Your instructions
Pull every line containing "nilK" from the entries.

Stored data
========================

(* Let $q$ be a prime, $A$ a group of exponent $q$ and order $q^3$, and $B$ a subgroup of order $q$ of the center $Z(A)$. Suppose $A$ acts by automorphisms on a finite group $G$ of order coprime to $q$ with $G=PH$, where $P$ and $H$ are $A$-invariant subgroups, $P$ is a normal $p$-subgroup of $G$ for a prime $p$, and $H$ is a nilpotent $p'$-subgroup. Let $A_1,\dots,A_{q+1}$ be the subgroups of order $q^2$ of $A$ containing $B$. Then $C_P(B)=\prod_{i=1}^{q+1} C_P(A_i)$ and $C_H(B)=\prod_{i=1}^{q+1} C_H(A_i)$.
   Context: For a group $X$ of automorphisms, $C_P(X)$ denotes the set of elements of $P$ fixed by every element of $X$. The products are products of subgroups (sets of products of elements). *)

From mathcomp Require Import all_boot all_fingroup all_solvable.
Set Implicit Arguments.
Unset Strict Implicit.
Unset Printing Implicit Defensive.

From mathcomp Require Import all_boot all_fingroup ssralg all_solvable.
From mathcomp Require Import zify.
Set Implicit Arguments.
Unset Strict Implicit.
Unset Printing Implicit Defensive.

(* Write Q for C_K(B) (K = P or H); it is A-invariant and centralised by B.
   Every a in A \ B lies in exactly one of the A_i, namely <a>B, and there
   are q + 1 of them.  If Q is abelian, view it as a Z[A]-module with traces
   Tr_X(u) = sum_(a in X) u^a; counting gives
     sum_i Tr_(A_i)(u) = Tr_A(u) + q |B| u,
   so q^2 u = (Tr_(A_1)(u) - Tr_A(u)) + sum_(i > 1) Tr_(A_i)(u), whose i-th
   term lies in C_Q(A_i); as q is prime to |Q|, Q = prod_i C_Q(A_i).  For
   nilpotent Q induct on |Q| through Q / Z(Q): under coprime action
   centralisers pass to quotients, and the factor Z(Q) = prod_i C_Z(Q)(A_i)
   is central, hence absorbed by the product. *)

Import GroupScope.

Section Sunflower.
Variable gT : finGroupType.

Definition sunflower_cover (B A : {set gT}) (s : seq {group gT}) :=
  {in s, forall X : {group gT}, B \subset X /\ X \subset A} /\
  {in A :\: B, forall a, count (fun X : {group gT} => a \in X) s = 1%N}.

Lemma sunflower_cover_sub B A s :
  sunflower_cover B A s -> (0 < size s)%N -> B \subset A.
Proof.
case: s => // X s [sBXA _] _.
by have [sBX sXA] := sBXA X (mem_head X s); apply: subset_trans sXA.
Qed.

Lemma card_sunflower B A s :
  sunflower_cover B A s -> #|A :\: B| = (\sum_(X <- s) #|X :\: B|)%N.
Proof.
move=> [sBXA cnt].
transitivity (\sum_(a in A :\: B) \sum_(X <- s | a \in X) 1)%N.
  by rewrite -sum1_card; apply: eq_bigr => a Aa; rewrite sum1_count cnt.
rewrite (exchange_big_dep xpredT) //=; apply: eq_big_seq => X /sBXA[_ sXA].
rewrite sum1_card; apply: eq_card => a; rewrite unfold_in !inE andbAC.
by case: (boolP (a \in X)) => [/(subsetP sXA) -> | _]; rewrite ?andbT ?andbF.
Qed.

Variables (q : nat) (A B : {group gT}) (s : seq {group gT}).
Hypotheses (q_pr : prime q) (oB : #|B| = q) (sBA : B \subset A).
Hypothesis defs :
  forall X : {group gT},
  (X \in s) = [&& B \subset X, X \subset A & #|X| == (q ^ 2)%N].

Lemma sunflower_cover_order_sq :
  exponent A = q -> A \subset 'N(B) -> uniq s -> sunflower_cover B A s.
Proof.
move=> expA nBA uniq_s; split=> [X | a /setDP[Aa nBa]].
  by rewrite defs => /and3P[].
have oa : #[a] = q.
  apply/(prime_nt_dvdP q_pr); last by rewrite -expA dvdn_exponent.
  by rewrite order_eq1; apply: contraNneq nBa => ->.
pose aB := (<[a]> <*> B)%G.
have oaB : #|aB| = (q ^ 2)%N.
  have tiaB : <[a]> :&: B = 1.
    by apply: prime_TIg; rewrite ?cycle_subG // -orderE oa.
  rewrite /= norm_joinEl ?cycle_subG ?(subsetP nBA) // TI_cardMg //.
  by rewrite -orderE oa oB.
have s_aB : aB \in s.
  by rewrite defs joing_subr join_subG cycle_subG Aa sBA oaB /=.
have <- : count_mem aB s = 1%N by rewrite count_uniq_mem // s_aB.
apply: eq_in_count => X; rewrite defs => /and3P[sBX sXA /eqP oX] /=.
apply/idP/eqP => [Xa | ->]; last by rewrite mem_gen // inE cycle_id.
apply: val_inj; apply/eqP; rewrite /= eq_sym eqEcard oX oaB leqnn andbT.
by rewrite join_subG cycle_subG Xa.
Qed.

Lemma size_sunflower_cover_order_sq :
  #|A| = (q ^ 3)%N -> sunflower_cover B A s -> size s = q.+1.
Proof.
move=> oA cover; have q_gt1 := prime_gt1 q_pr.
have oXB X : X \in s -> #|X :\: B| = (q ^ 2 - q)%N.
  by rewrite defs => /and3P[sBX _ /eqP oX]; rewrite cardsD (setIidPr sBX) oX oB.
have := card_sunflower cover; rewrite cardsD (setIidPr sBA) oA oB.
rewrite (eq_big_seq _ oXB) big_const_seq count_predT iter_addn_0.
have -> : (q ^ 3 - q = (q ^ 2 - q) * q.+1)%N by rewrite !expnS expn0 !muln1; nia.
move/eqP; rewrite eqn_pmul2l => [/eqP // |].
by rewrite subn_gt0 -{1}(expn1 q) ltn_exp2l.
Qed.

End Sunflower.

Section TraceModule.
Import GRing.Theory FiniteModule.
Local Open Scope ring_scope.

Variables (gT : finGroupType) (Q A : {group gT}) (abQ : abelian Q).
Hypothesis nQA : A \subset 'N(Q).

Definition trace (X : {set gT}) (u : fmod_of abQ) := \sum_(a in X) u ^@ a.

Lemma fmval_cent (X : {set gT}) (v : fmod_of abQ) :
  X \subset A -> {in X, forall b, v ^@ b = v} -> fmval v \in 'C_Q(X).
Proof.
move=> sXA fix_v; rewrite inE fmodP; apply/centP=> b Xb.
apply/commgP/conjg_fixP; rewrite -fmvalJ ?fix_v //.
exact: subsetP nQA b (subsetP sXA b Xb).
Qed.

Lemma traceJ (X : {group gT}) u b :
  X \subset A -> b \in X -> trace X u ^@ b = trace X u.
Proof.
move=> sXA Xb; have nQX := subset_trans sXA nQA.
rewrite actr_sum [RHS](reindex_inj (mulIg b)) /=.
apply: eq_big => [a | a Xa]; first by rewrite groupMr.
by rewrite actrM ?(subsetP nQX).
Qed.

Lemma fmval_trace_cent (X : {group gT}) u :
  X \subset A -> fmval (trace X u) \in 'C_Q(X).
Proof. by move=> sXA; apply: fmval_cent => // b; apply: traceJ. Qed.

Lemma fmval_sum_trace_cent (r : seq {group gT}) u :
  {in r, forall X : {group gT}, X \subset A} ->
  fmval (\sum_(X <- r) trace X u) \in (\prod_(X <- r) 'C_Q(X))%g.
Proof.
elim: r => [|X r IHr] sXA; first by rewrite !big_nil fmval0 set11.
rewrite !big_cons fmvalA mem_mulg ?fmval_trace_cent ?sXA ?mem_head ?IHr //.
by move=> Y rY; apply: sXA; rewrite inE rY orbT.
Qed.

Lemma sum_trace_count (r : seq {group gT}) u :
  {in r, forall X : {group gT}, X \subset A} ->
  \sum_(X <- r) trace X u =
    \sum_(a in A) u ^@ a *+ count (fun X : {group gT} => a \in X) r.
Proof.
elim: r => [|X r IHr] sXA; first by rewrite big_nil big1.
rewrite big_cons IHr => [|Y rY]; last by apply: sXA; rewrite inE rY orbT.
have sXA_X : X \subset A by apply: sXA; apply: mem_head.
have -> : trace X u = \sum_(a in A) u ^@ a *+ (a \in X).
  rewrite (bigID [in X]) /= addrC big1 ?add0r; last first.
    by move=> a /andP[_ /negbTE->].
  apply: eq_big => [a | a ->]; last exact: mulr1n.
  by rewrite andb_idl // => /(subsetP sXA_X).
by rewrite -big_split; apply: eq_bigr => a _ /=; rewrite -mulrnDr.
Qed.

Lemma sum_trace_sunflower (B : {group gT}) (s : seq {group gT}) u :
  Q \subset 'C(B) -> sunflower_cover B A s -> (0 < size s)%N ->
  \sum_(X <- s) trace X u = trace A u + u *+ ((size s).-1 * #|B|).
Proof.
move=> cQB cover s0; have sBA := sunflower_cover_sub cover s0.
have [sBXA cnt] := cover.
have fixB a : a \in B -> u ^@ a = u.
  move=> Ba; apply: val_inj; rewrite /= fmvalJ ?(subsetP nQA) ?(subsetP sBA) //.
  by apply/conjg_fixP/commgP; apply: (centP (subsetP cQB _ (fmodP u))).
have -> : u *+ ((size s).-1 * #|B|) =
          \sum_(a in A) (if a \in B then u *+ (size s).-1 else 0).
  rewrite -big_mkcondr /= (eq_bigl [in B]) ?sumr_const ?mulrnA // => a.
  by rewrite andb_idl // => /(subsetP sBA).
rewrite sum_trace_count => [|X /sBXA[] //]; rewrite -big_split /=.
apply: eq_bigr => a Aa; have [Ba | nBa] := boolP (a \in B); last first.
  by rewrite cnt ?addr0 // inE nBa.
have -> : count (fun X : {group gT} => a \in X) s = size s.
  by rewrite -count_predT; apply: eq_in_count => X /sBXA[/subsetP->].
by rewrite fixB // -{1}(prednK s0) mulrS.
Qed.

Lemma abelian_sub_prod_cent (B : {group gT}) (s : seq {group gT}) :
  Q \subset 'C(B) -> coprime #|Q| #|A| -> coprime #|Q| (size s).-1 ->
  sunflower_cover B A s -> (0 < size s)%N ->
  Q \subset (\prod_(X <- s) 'C_Q(X))%g.
Proof.
move=> cQB coQA coQs cover s0; apply/subsetP=> x Qx.
set m := ((size s).-1 * #|B|)%N.
have coQm : coprime #|Q| m.
  have sBA := sunflower_cover_sub cover s0.
  by rewrite coprimeMr coQs (coprime_dvdr (cardSg sBA)).
have [w Qw ->] : exists2 w, w \in Q & x = (w ^+ m)%g.
  by exists (x ^+ expg_invn Q m)%g; rewrite ?groupX // expgAC expgK.
have -> : (w ^+ m)%g = fmval (fmod abQ w *+ m) by rewrite fmvalZ fmodK.
rewrite -(addKr (trace A (fmod abQ w)) (_ *+ _)) -sum_trace_sunflower //.
have [sBXA _] := cover; case: s s0 sBXA {coQs cover coQm m} => // X1 s _ sBXA.
have [_ sX1A] := sBXA X1 (mem_head X1 s).
rewrite !big_cons addrA fmvalA mem_mulg //.
  apply: fmval_cent => // b X1b.
  by rewrite actAr actNr !traceJ ?(subsetP sX1A).
apply: fmval_sum_trace_cent => X sX.
by have [] := sBXA X; rewrite // inE sX orbT.
Qed.

End TraceModule.

Section CoprimeQuotient.
Variable gT : finGroupType.
Implicit Types (A N Q X : {group gT}) (s : seq {group gT}).

Lemma mem_quotient_TI N A X a :
  A \subset 'N(N) -> A :&: N = 1 -> X \subset A -> a \in A ->
  (coset N a \in X / N) = (a \in X).
Proof.
move=> nNA tiAN sXA Aa; apply/idP/idP => [Xa | ]; last exact: mem_quotient.
have : a \in coset N @*^-1 (X / N) by apply/morphpreP; rewrite (subsetP nNA).
rewrite quotientK ?(subset_trans sXA) // => NXa.
have : a \in A :&: (N * X) by rewrite inE Aa.
by rewrite -group_modr // tiAN mul1g.
Qed.

Lemma sunflower_cover_quotient N A B s :
  A \subset 'N(N) -> A :&: N = 1 -> sunflower_cover B A s ->
  sunflower_cover (B / N) (A / N) [seq (X / N)%G | X <- s].
Proof.
move=> nNA tiAN [sBXA cnt]; split.
  by move=> _ /mapP[X sX ->]; have [sBX sXA] := sBXA X sX; rewrite !quotientS.
move=> _ /setDP[/morphimP[a Na Aa ->] nBa].
rewrite count_map -(cnt a); last first.
  by rewrite inE Aa andbT; apply: contraNN nBa; apply: mem_morphim.
apply: eq_in_count => X sX /=; have [_ sXA] := sBXA X sX.
exact: (mem_quotient_TI nNA tiAN sXA Aa).
Qed.

Lemma quotient_prod (I : Type) (r : seq I) (F : I -> {set gT}) N :
  (forall i, F i \subset 'N(N)) ->
  \prod_(i <- r) (F i / N) = (\prod_(i <- r) F i) / N.
Proof.
move=> nNF; elim: r => [|i r IHr]; first by rewrite !big_nil quotient1.
by rewrite !big_cons quotientMl ?IHr.
Qed.

Lemma mul_prod_cent_central N Q s :
  N \subset Q -> N \subset 'C(Q) ->
  (\prod_(X <- s) 'C_N(X)) * (\prod_(X <- s) 'C_Q(X))
    \subset \prod_(X <- s) 'C_Q(X).
Proof.
move=> sNQ cNQ; elim: s => [|X s IHs]; first by rewrite !big_nil mul1g.
rewrite !big_cons; set CN := \prod_(Y <- s) 'C_N(Y).
have cCN : CN \subset 'C('C_Q(X)).
  apply: subset_trans (centS (subsetIl Q 'C(X))).
  by apply: subset_trans cNQ; apply: prod_subG => Y _; apply: subsetIl.
rewrite -mulgA [X in _ * X]mulgA (centC cCN) -!mulgA mulgA.
by apply: mulgSS IHs; rewrite mul_subG ?setSI.
Qed.

End CoprimeQuotient.

Theorem nilpotent_sub_prod_cent (gT : finGroupType) (Q A B : {group gT})
    (s : seq {group gT}) :
  nilpotent Q -> A \subset 'N(Q) -> Q \subset 'C(B) ->
  coprime #|Q| #|A| -> coprime #|Q| (size s).-1 ->
  sunflower_cover B A s -> (0 < size s)%N ->
  Q \subset \prod_(X <- s) 'C_Q(X).
Proof.
have [n] := ubnP #|Q|; elim: n gT Q A B s => // n IHn gT Q A B s leQn.
move=> nilQ nQA cQB coQA coQs cover s0.
have [abQ | nabQ] := boolP (abelian Q).
  exact: (abelian_sub_prod_cent abQ nQA cQB coQA coQs cover s0).
pose N := 'Z(Q)%G.
have sNQ : N \subset Q := center_sub Q.
have cNQ : N \subset 'C(Q) := subsetIr Q _.
have nNQ : Q \subset 'N(N) := normal_norm (center_normal Q).
have nNA : A \subset 'N(N) := char_norm_trans (center_char Q) nQA.
have coNA : coprime #|N| #|A| := coprimeSg sNQ coQA.
have tiAN : A :&: N = 1 by rewrite setIC coprime_TIg.
have ntN : N :!=: 1.
  rewrite /= (center_nil_eq1 nilQ).
  by apply: contraNneq nabQ => ->; apply: abelian1.
have sN_prod : N \subset \prod_(X <- s) 'C_N(X).
  apply: (abelian_sub_prod_cent (center_abelian Q) nNA) _ coNA _ cover s0.
    exact: subset_trans cQB.
  exact: coprimeSg sNQ coQs.
have sQbar : Q / N \subset \prod_(X <- s) 'C_(Q / N)(X / N).
  rewrite -(big_map (fun X => (X / N)%G) xpredT (fun X => 'C_(Q / N)(X))).
  apply: (IHn _ _ (A / N)%G (B / N)%G);
    rewrite ?size_map ?quotient_nil ?quotient_norms ?coprime_morph //.
  - by rewrite (leq_trans (ltn_quotient ntN sNQ)).
  - exact: quotient_cents.
  - exact: coprime_dvdl (dvdn_quotient _ _) coQs.
  - exact: sunflower_cover_quotient.
have cent_quotient X : X \in s -> 'C_(Q / N)(X / N) = 'C_Q(X) / N.
  have [sBXA _] := cover; move=> /sBXA[_ sXA]; symmetry.
  apply: coprime_norm_quotient_cent; rewrite ?abelian_sol ?center_abelian //.
  - exact: subset_trans nQA.
  - exact: subset_trans nNA.
  - exact: coprimegS sXA coNA.
rewrite (eq_big_seq _ cent_quotient) quotient_prod ?quotientSK // in sQbar.
  apply: subset_trans sQbar (subset_trans (mulSg _ sN_prod) _).
  exact: mul_prod_cent_central.
by move=> X; apply: subset_trans nNQ; apply: subsetIl.
Qed.

Lemma cent_sunflower_prod (gT : finGroupType) (K A B : {group gT})
    (s : seq {group gT}) :
  nilpotent K -> A \subset 'N(K) -> A \subset 'C(B) ->
  coprime #|K| #|A| -> coprime #|K| (size s).-1 ->
  sunflower_cover B A s -> (0 < size s)%N ->
  'C_K(B) = \prod_(X <- s) 'C_K(X).
Proof.
move=> nilK nKA cAB coKA coKs cover s0; have [sBXA _] := cover.
have sCK : 'C_K(B) \subset K := subsetIl K _.
have centC_KB X : X \in s -> 'C_('C_K(B))(X) = 'C_K(X).
  by move=> /sBXA[sBX _]; rewrite -setIA (setIidPr (centS sBX)).
apply/eqP; rewrite eqEsubset; apply/andP; split; last first.
  by rewrite big_seq prod_subG // => X /sBXA[sBX _]; rewrite setIS ?centS.
rewrite -(eq_big_seq _ centC_KB).
rewrite (nilpotent_sub_prod_cent _ _ _ _ _ cover) ?subsetIr //.
- exact: (nilpotentS sCK nilK).
- exact: (normsI nKA (norms_cent (cents_norm cAB))).
- exact: (coprimeSg sCK coKA).
- exact: (coprimeSg sCK coKs).
Qed.

Theorem lemma2p3 (gT : finGroupType) (q p : nat) (A B G P H : {group gT})
    (s : seq {group gT}) :
  prime q -> prime p ->
  exponent A = q -> #|A| = (q ^ 3)%N ->
  B \subset 'Z(A) -> #|B| = q ->
  A \subset 'N(G) -> coprime #|G| q ->
  P * H = G ->
  A \subset 'N(P) -> A \subset 'N(H) ->
  P <| G -> p.-group P ->
  nilpotent H -> p^'.-group H ->
  uniq s ->
  (forall X : {group gT}, (X \in s) = [&& B \subset X, X \subset A & #|X| == (q ^ 2)%N]) ->
  'C_P(B) = \prod_(X <- s) 'C_P(X) /\ 'C_H(B) = \prod_(X <- s) 'C_H(X).
Proof.
move=> q_pr _ expA oA sBZ oB _ coGq defG nPA nHA nsPG pP nilH _ uniq_s defs.
have sBA : B \subset A := subset_trans sBZ (center_sub A).
have cAB : A \subset 'C(B) by rewrite centsC (subset_trans sBZ) ?subsetIr.
have cover :=
  sunflower_cover_order_sq q_pr oB sBA defs expA (cents_norm cAB) uniq_s.
have size_s := size_sunflower_cover_order_sq q_pr oB sBA defs oA cover.
have coGA : coprime #|G| #|A| by rewrite oA coprimeXr.
have coGs : coprime #|G| (size s).-1 by rewrite size_s.
have sPG : P \subset G := normal_sub nsPG.
have sHG : H \subset G by rewrite -defG mulG_subr.
have s0 : (0 < size s)%N by rewrite size_s.
split; apply: cent_sunflower_prod cover s0 => //.
- exact: (pgroup_nil pP).
- exact: (coprimeSg sPG coGA).
- exact: (coprimeSg sPG coGs).
- exact: (coprimeSg sHG coGA).
- exact: (coprimeSg sHG coGs).
Qed.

========================

The completed task
move=> nilK nKA cAB coKA coKs cover s0; have [sBXA _] := cover.
- exact: (nilpotentS sCK nilK).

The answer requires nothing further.